Les leaders en Ultim 32/23 espéraient, hier soir, toucher les prémices de l’alizé, envoyer les gennakers et entamer les longues glissades au portant plein gaz en direction des Antilles. Malheureusement, le petit trou de souris dans lequel ils pensaient réussir à se faufiler s’est refermé devant eux. Ce samedi, comme l’ensemble des concurrents des autres classes et catégories de cette douzième Route du Rhum – Destination Guadeloupe, ils ne vont donc pas avoir d’autres choix que de réussir à s’extirper au plus vite d’une zone de molle avant de composer avec le passage d’un deuxième front froid, plus actif que le précédent. A la clé : des rafales de vent supérieures à quarante nœuds sur une mer chaotique. Pour résumer, cette journée de samedi s’annonce à la fois complexe et copieuse !
Ce qu’il faut retenir :
- En Class40, Jonas Gerkens (Volvo) a annoncé son abandon officiel. Son état de santé, sa voile J1 déchirée et son pilote automatique défaillant ont convaincu le navigateur belge de prendre cette douloureuse décision. Il fait actuellement route vers Lorient. Il reste 129 marins en course.

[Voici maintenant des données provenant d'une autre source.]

Lemma hall_deficiency r X : exists S X' g, hall_cert r X S X' g.
Proof.
(* Induction on |X|. If a nonempty proper subset maximises the deficiency,
   split along it; if only X does, drop a vertex; otherwise Hall's condition
   holds strictly. *)
have [n] := ubnP #|X|; elim: n r X => // n IH r X /ltnSE leXn.
have [->|/set0Pn[x0 x0X]] := eqVneq X set0.
  by exists set0, set0, id; exact: hall_cert0.
have IHproper r' Y : Y \proper X -> exists S X' g, hall_cert r' Y S X' g.
  by move=> /proper_card ltYX; apply: IH; lia.
have [Sm SmX maxSm] := @arg_maxnP _ set0 (fun S => S \subset X) (deficiency r) (sub0set X).
have def0 : deficiency r set0 = #|T| by rewrite /deficiency nbhd0 !cards0 subn0.
have [/existsP[S0 /and3P[S0n S0pX maxS0]] | noS0] :=
  boolP [exists S0 : {set T}, [&& S0 != set0, S0 \proper X & deficiency r Sm <= deficiency r S0]].
  have S0X : S0 \subset X by case/andP: S0pX.
  have [A [S0' [g1 cert1]]] := IHproper r S0 S0pX.
  have [AS0 _ _ _ _] := cert1.
  have S0cpX : X :\: S0 \proper X.
    rewrite setDE properIl // -disjoints_subset; case/set0Pn: S0n => z zS0.
    by apply/negP => /disjointFr/(_ (subsetP S0X _ zS0)); rewrite zS0.
  have [B [X2' [g2 cert2]]] := IHproper (avoid r (nbhd r S0)) _ S0cpX.
  exists (S0 :|: B), (S0' :|: X2'), (fun z => if z \in S0 then g1 z else g2 z).
  apply: hall_cert_split cert1 cert2 => //.
  exact: leq_trans (maxSm _ (subset_trans AS0 S0X)) maxS0.
have ltSm S : S != set0 -> S \proper X -> deficiency r S < deficiency r Sm.
  move=> Sn SX; rewrite ltnNge; apply: contraNN noS0 => le.
  by apply/existsP; exists S; rewrite Sn SX.
have [gtT|leT] := ltnP #|T| (deficiency r Sm).
  have SmE : Sm = X.
    apply/eqP; apply: contraTT gtT => SmnX; rewrite -leqNgt.
    have [-> //|Smn] := eqVneq Sm set0; first by rewrite def0.
    by have := ltSm _ Smn; rewrite properEneq SmnX SmX ltnn => /(_ isT).
  have [A [X1' [g1 cert1]]] := IHproper r _ (properD1 x0X).
  have [AX1 _ _ _ _] := cert1.
  exists X, X1', g1; apply: (hall_cert_drop x0X _ cert1); rewrite -SmE.
  have [->|An] := eqVneq A set0; first by rewrite def0.
  exact: ltSm An (sub_proper_trans AX1 (properD1 x0X)).
apply: hall_cert_strict x0X _ _ IHproper => S.
  move=> /maxSm leS; have := leq_trans leS leT; have := max_card (nbhd r S).
  by rewrite /deficiency; lia.
move=> Sn /(ltSm _ Sn) ltS; have := leq_trans ltS leT; have := max_card (nbhd r S).
by rewrite /deficiency; lia.
Qed.

End DefectHall.

Section Konig.
Variable T : finType.
Implicit Types (e : rel T) (A X : {set T}) (N : {set {set T}}).

Lemma leq_alpha e A : independent e A -> #|A| <= alpha e.
Proof. exact: leq_bigmax_cond. Qed.

Lemma leq_matching_number e N : matching e N -> #|N| <= matching_number e.
Proof. exact: leq_bigmax_cond. Qed.

Lemma alpha_subrel e e' : subrel e' e -> alpha e <= alpha e'.
Proof.
move=> ee'; apply/bigmax_leqP => A /forallP indA; apply: leq_alpha.
apply/forallP => x; apply/implyP => xA; apply/forallP => y; apply/implyP => yA.
by apply: contraNN (implyP (forallP (implyP (indA x) xA) y) yA); apply: ee'.
Qed.

Lemma matching_number_subrel e e' : subrel e' e -> matching_number e' <= matching_number e.
Proof.
move=> ee'; apply/bigmax_leqP => N /andP[/forallP edgesN disjN]; apply: leq_matching_number.
rewrite /matching disjN andbT; apply/forallP => f; apply/implyP => /(implyP (edgesN f)).
by case/existsP=> x /existsP[y /andP[/ee' exy Ef]]; apply/existsP; exists x; apply/existsP; exists y; rewrite exy.
Qed.

Lemma card_le_matching_number e X (g : T -> T) :
    {in X &, injective g} -> {in X, forall x, e x (g x)} -> {in X, forall x, g x \notin X} ->
  #|X| <= matching_number e.
Proof.
move=> gi gr gX; pose N := [set [set x; g x] | x in X].
have in_pair_eq x x' : x \in X -> x' \in X -> x \in [set x'; g x'] -> x = x'.
  by move=> xX x'X; rewrite !inE => /orP[/eqP //|/eqP Ex]; move: (gX _ x'X); rewrite -Ex xX.
have cardN : #|N| = #|X|.
  by apply: card_in_imset => x x' xX x'X Ex; apply: in_pair_eq; rewrite // -Ex !inE eqxx.
rewrite -cardN; apply: leq_matching_number; apply/andP; split.
  apply/forallP => f; apply/implyP => /imsetP[x xX ->].
  by apply/existsP; exists x; apply/existsP; exists (g x); rewrite gr // eqxx.
apply/forallP => f; apply/implyP => /imsetP[x xX ->].
apply/forallP => f'; apply/implyP => /imsetP[x' x'X ->]; apply/implyP.
apply: contraR; rewrite -setI_eq0 => /set0Pn[z]; rewrite inE => /andP[zx zx'].
suff -> : x = x' by rewrite eqxx.
move: zx zx'; rewrite !inE => /orP[]/eqP-> /orP[]/eqP Ez.
- by [].
- by move: (gX _ x'X); rewrite -Ez xX.
- by move: (gX _ xX); rewrite Ez x'X.
- exact: gi.
Qed.

Lemma card_le_alpha_add_matching_number e :
  symmetric e -> bipartite e -> #|T| <= alpha e + matching_number e.
Proof.
move=> se [c hc]; pose X := [set x | c x].
have [S [X' [g [SX X'X gi gr hall]]]] := hall_deficiency e X.
have inX x : (x \in X) = c x by rewrite inE.
have edge_colours x y : e x y -> c y = ~~ c x by move/hc; case: (c x); case: (c y).
pose J := S :|: (~: X :\: nbhd e S).
have indJ : independent e J.
  apply/forallP => x; apply/implyP => xJ; apply/forallP => y; apply/implyP => yJ.
  apply/negP => exy; move: xJ yJ; rewrite !in_setU !in_setD !in_setC !inX.
  case/orP => [xS|/andP[xN cx]]; case/orP => [yS|/andP[yN cy]].
  - by move: (subsetP SX _ yS) (subsetP SX _ xS); rewrite !inX (edge_colours _ _ exy) => /negbTE->.
  - by move: yN; rewrite (_ : y \in nbhd e S) //; apply/nbhdP; exists x.
  - by move: xN; rewrite (_ : x \in nbhd e S) //; apply/nbhdP; exists y; rewrite // se.
  - by move: cy; rewrite (edge_colours _ _ exy) cx.
have cardJ : #|S| + #|~: X| <= #|J| + #|nbhd e S|.
  have dj : [disjoint S & ~: X :\: nbhd e S].
    by rewrite disjoints_subset; apply/subsetP => z /(subsetP SX) zX; rewrite !(in_setC, in_setD) zX andbF.
  rewrite /J cardsU_disjoint // cardsD; have := subset_leq_card (subsetIr (~: X) (nbhd e S)); lia.
have gX' : {in X', forall x, g x \notin X'}.
  move=> x xX'; apply: contraTN isT => gxX'.
  move: (edge_colours _ _ (gr _ xX')) (subsetP X'X _ xX') (subsetP X'X _ gxX').
  by rewrite !inX => ->; case: (c x).
have := leq_alpha indJ; have := card_le_matching_number gi gr gX'.
have := cardsC X; have := subset_leq_card SX.
lia.
Qed.

End Konig.

Section Dissociation.
Variables (T : finType) (e : rel T).
Hypothesis se : symmetric e.
Variable c : T -> bool.
Hypothesis hc : forall x y, e x y -> c x != c y.
Variable I : {set T}.
Hypothesis dI : dissociation e I.

Local Notation EI := (induced_edges e I).

Definition closed_nbhd x := x |: [set y in I | e x y].

Lemma dissociation_edge z w : z \in I -> w \in I -> e z w ->
  ideg e I z = 1 /\ closed_nbhd z = [set z; w].
Proof.
move=> zI wI ezw.
have wN : w \in [set y in I | e z y] by rewrite inE wI ezw.
have : ideg e I z <= 1 by move/forallP: dI => /(_ z) /implyP /(_ zI).
rewrite leq_eqVlt ltnS leqn0 cards_eq0 => /orP[/cards1P[u Eu] | /eqP E0]; last first.
  by move: wN; rewrite E0 inE.
by move: wN; rewrite /ideg /closed_nbhd Eu cards1 inE => /eqP->.
Qed.

Lemma induced_edgeP f :
  reflect (exists x y, [/\ x \in I, y \in I, e x y & f = [set x; y]]) (f \in EI).
Proof.
rewrite inE; apply: (iffP andP) => [[/existsP[x /existsP[y /andP[exy /eqP Ef]]] fI] | ].
  by exists x, y; split => //; apply: (subsetP fI); rewrite Ef !inE eqxx ?orbT.
case=> x [y [xI yI exy ->]]; split; last by rewrite subUset !sub1set xI yI.
by apply/existsP; exists x; apply/existsP; exists y; rewrite exy eqxx.
Qed.

(* Each edge of G[I] has exactly one endpoint of colour [b], and the closed
   neighbourhood in G[I] of that endpoint is the edge itself. *)
Definition ends (b : bool) (F : {set {set T}}) :=
  [set x in I | [&& c x == b, ideg e I x == 1 & closed_nbhd x \in F]].

Lemma card_ends (b : bool) (F : {set {set T}}) : F \subset EI -> #|ends b F| = #|F|.
Proof.
move=> FE.
have inj : {in ends b F &, injective closed_nbhd}.
  move=> x x'; rewrite !inE => /and4P[_ /eqP cx _ _] /and4P[_ /eqP cx' _ _] E.
  have : x' \in closed_nbhd x by rewrite E !inE eqxx.
  rewrite !inE => /orP[/eqP // | /andP[_ exx']].
  by have := hc exx'; rewrite cx cx' eqxx.
rewrite -(card_in_imset inj); suff -> : closed_nbhd @: ends b F = F by [].
apply/setP => f; apply/imsetP/idP.
  by case=> x; rewrite inE => /and4P[_ _ _ fF] ->.
move=> fF; have /induced_edgeP[x [y [xI yI exy Ef]]] := subsetP FE _ fF.
have [cxb | cxb] := eqVneq (c x) b.
  have [x1 Nx] := dissociation_edge xI yI exy.
  by exists x; [rewrite inE xI cxb eqxx x1 Nx -Ef fF | rewrite Nx].
have cyb : c y == b by move: (hc exy) cxb; case: (c x); case: (c y); case: (b).
have [y1 Ny] := dissociation_edge yI xI (etrans (se y x) exy).
by exists y; [rewrite inE yI cyb y1 Ny setUC -Ef fF | rewrite Ny setUC].
Qed.

Lemma card_ends_induced : #|ends true EI :|: ends false EI| = 2 * #|EI|.
Proof.
rewrite cardsU_disjoint ?card_ends // ?mul2n ?addnn //.
by rewrite -setI_eq0; apply/eqP/setP => z; rewrite !inE; case: (c z); rewrite ?andbF.
Qed.

Lemma ends_sub b F : ends b F \subset I.
Proof. by apply/subsetP => x; rewrite inE => /andP[]. Qed.

Lemma card_induced_edges_le : 2 * #|EI| <= #|I|.
Proof. by rewrite -card_ends_induced subset_leq_card // subUset !ends_sub. Qed.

- Confronté à des problèmes techniques, Emmanuel Hammez, le skipper du Class40 Viranga, se déroute vers un port qui n’a pas encore été déterminé.
- Philippe Poupon (FLO), concurrent de la catégorie des Rhum Multi, est en approche de La Corogne où il va effectuer un arrêt technique afin de tenter de régler un problème de trinquette d’étai.
- Revenu à Lorient jeudi soir pour réparer sa dérive cassée, le skipper du Maxi Banque Populaire XI, Armel Le Cléac’h, doit reprendre la course ce samedi 12 novembre, sans ambitions sportives, mais avec la motivation de finir l’histoire.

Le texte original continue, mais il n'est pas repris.